What the task asks
Going from the top of the data below, give again each line through the one containing "apply: (@ge0_nondecreasing_set_integral_le _", both ends kept.

Data in this exercise

Lemma punctured_exhaustion_nondecreasing (y : R) : 0 <= y ->
  {homo punctured_exhaustion y : n m / (n <= m)%N >-> (n <= m)%O}.
Proof.
move=> y0 n m nm; have le_nm : y / m.+2%:R <= y / n.+2%:R.
  by rewrite ler_wpM2l// lef_pV2 ?posrE ?ltr0n// ler_nat !ltnS.
rewrite subsetEset /punctured_exhaustion.
move: le_nm; set dm := y / m.+2%:R; set dn := y / n.+2%:R => le_nm.
move=> s /=; rewrite !in_itv/= !andbT => -[/andP[s0 sy]|ys]; [left; rewrite s0/=|right]; lra.
Qed.

Lemma bigcup_punctured_exhaustion (y : R) : 0 < y ->
  \bigcup_n punctured_exhaustion y n = `[0%R, +oo[ `\ y.
Proof.
move=> y0; apply/seteqP; split => s.
  move=> [n _]; rewrite /punctured_exhaustion; set dn := y / n.+2%:R.
  have dn0 : 0 < dn by rewrite divr_gt0.
  by rewrite /= !in_itv/= !andbT => -[/andP[s0 sy]|ys]; split=> [|sy']; lra.
rewrite /= in_itv/= andbT => -[s0 /eqP ys].
have sy0 : 0 < `|s - y| by rewrite normr_gt0 subr_eq0.
exists (Num.truncn (y / `|s - y|)) => //; rewrite /punctured_exhaustion.
set dn := y / _.+2%:R; have : dn <= `|s - y|.
  rewrite ler_pdivrMr ?ltr0n// -ler_pdivrMl// mulrC.
  by apply: (le_trans (ltW (truncnS_gt _))); rewrite ler_nat.
have [sy'|ys'] := ltP s y.
  by rewrite ltr0_norm ?subr_lt0// => ?; left; rewrite /= in_itv/= s0/=; lra.
by rewrite ger0_norm ?subr_ge0// => ?; right; rewrite /= in_itv/= andbT; lra.
Qed.

Lemma integral_Ekernel_le (y : R) : 0 < y ->
  (\int[mu]_(s in `[0%R, +oo[ `\ y) (Ekernel (y - s))%:E <=
   (1 + 2^-1 * expint_primitive y)%:E)%E.
Proof.
move=> y0; rewrite -bigcup_punctured_exhaustion//.
have sub_y n : punctured_exhaustion y n `<=` [set~ y].
  move=> s Sns; have : (\bigcup_n punctured_exhaustion y n) s by exists n.
  by rewrite bigcup_punctured_exhaustion// => -[].
have mS n : measurable (punctured_exhaustion y n) by exact: measurableU.
have mK n : measurable_fun (punctured_exhaustion y n) (fun s => (Ekernel (y - s))%:E).
  apply: (measurable_funS (E := [set~ y])) => //; first exact: measurableC.
  exact: measurable_Ekernel_shift.
apply: (@ge0_nondecreasing_set_integral_le _ (measurableTypeR R)) => //.
- exact: punctured_exhaustion_nondecreasing (ltW y0).
- by move=> n s _; rewrite lee_fin Ekernel_ge0.
move=> n; rewrite /punctured_exhaustion; set dn := y / n.+2%:R.
have dn0 : 0 < dn by rewrite divr_gt0.
have dny : dn < y by rewrite ltr_pdivrMr// ltr_pMr// ltr1n.
rewrite ge0_integral_setU//; last 3 first.
- exact: mK.
- by move=> s _; rewrite lee_fin Ekernel_ge0.
- rewrite disj_set2E; apply/eqP/seteqP; split => s //=.
  by rewrite !in_itv/= andbT => -[/andP[_ sy] ys]; lra.
rewrite integral_Ekernel_left ?subr_gt0 ?ltrBlDr ?ltrDl//.
rewrite integral_Ekernel_right ?ltrDl// -EFinD lee_fin.
have -> : y - (y - dn) = dn by rewrite opprB addrC subrK.
have -> : y + dn - y = dn by rewrite addrAC subrr add0r.
have := expint_primitive_ge (ltW dn0).
have : expR (- dn) <= 1 by rewrite expR_le1 oppr_le0 ltW.
lra.
Qed.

Solution for this task
Lemma punctured_exhaustion_nondecreasing (y : R) : 0 <= y ->
  {homo punctured_exhaustion y : n m / (n <= m)%N >-> (n <= m)%O}.
Proof.
move=> y0 n m nm; have le_nm : y / m.+2%:R <= y / n.+2%:R.
  by rewrite ler_wpM2l// lef_pV2 ?posrE ?ltr0n// ler_nat !ltnS.
rewrite subsetEset /punctured_exhaustion.
move: le_nm; set dm := y / m.+2%:R; set dn := y / n.+2%:R => le_nm.
move=> s /=; rewrite !in_itv/= !andbT => -[/andP[s0 sy]|ys]; [left; rewrite s0/=|right]; lra.
Qed.

Lemma bigcup_punctured_exhaustion (y : R) : 0 < y ->
  \bigcup_n punctured_exhaustion y n = `[0%R, +oo[ `\ y.
Proof.
move=> y0; apply/seteqP; split => s.
  move=> [n _]; rewrite /punctured_exhaustion; set dn := y / n.+2%:R.
  have dn0 : 0 < dn by rewrite divr_gt0.
  by rewrite /= !in_itv/= !andbT => -[/andP[s0 sy]|ys]; split=> [|sy']; lra.
rewrite /= in_itv/= andbT => -[s0 /eqP ys].
have sy0 : 0 < `|s - y| by rewrite normr_gt0 subr_eq0.
exists (Num.truncn (y / `|s - y|)) => //; rewrite /punctured_exhaustion.
set dn := y / _.+2%:R; have : dn <= `|s - y|.
  rewrite ler_pdivrMr ?ltr0n// -ler_pdivrMl// mulrC.
  by apply: (le_trans (ltW (truncnS_gt _))); rewrite ler_nat.
have [sy'|ys'] := ltP s y.
  by rewrite ltr0_norm ?subr_lt0// => ?; left; rewrite /= in_itv/= s0/=; lra.
by rewrite ger0_norm ?subr_ge0// => ?; right; rewrite /= in_itv/= andbT; lra.
Qed.

Lemma integral_Ekernel_le (y : R) : 0 < y ->
  (\int[mu]_(s in `[0%R, +oo[ `\ y) (Ekernel (y - s))%:E <=
   (1 + 2^-1 * expint_primitive y)%:E)%E.
Proof.
move=> y0; rewrite -bigcup_punctured_exhaustion//.
have sub_y n : punctured_exhaustion y n `<=` [set~ y].
  move=> s Sns; have : (\bigcup_n punctured_exhaustion y n) s by exists n.
  by rewrite bigcup_punctured_exhaustion// => -[].
have mS n : measurable (punctured_exhaustion y n) by exact: measurableU.
have mK n : measurable_fun (punctured_exhaustion y n) (fun s => (Ekernel (y - s))%:E).
  apply: (measurable_funS (E := [set~ y])) => //; first exact: measurableC.
  exact: measurable_Ekernel_shift.
apply: (@ge0_nondecreasing_set_integral_le _ (measurableTypeR R)) => //.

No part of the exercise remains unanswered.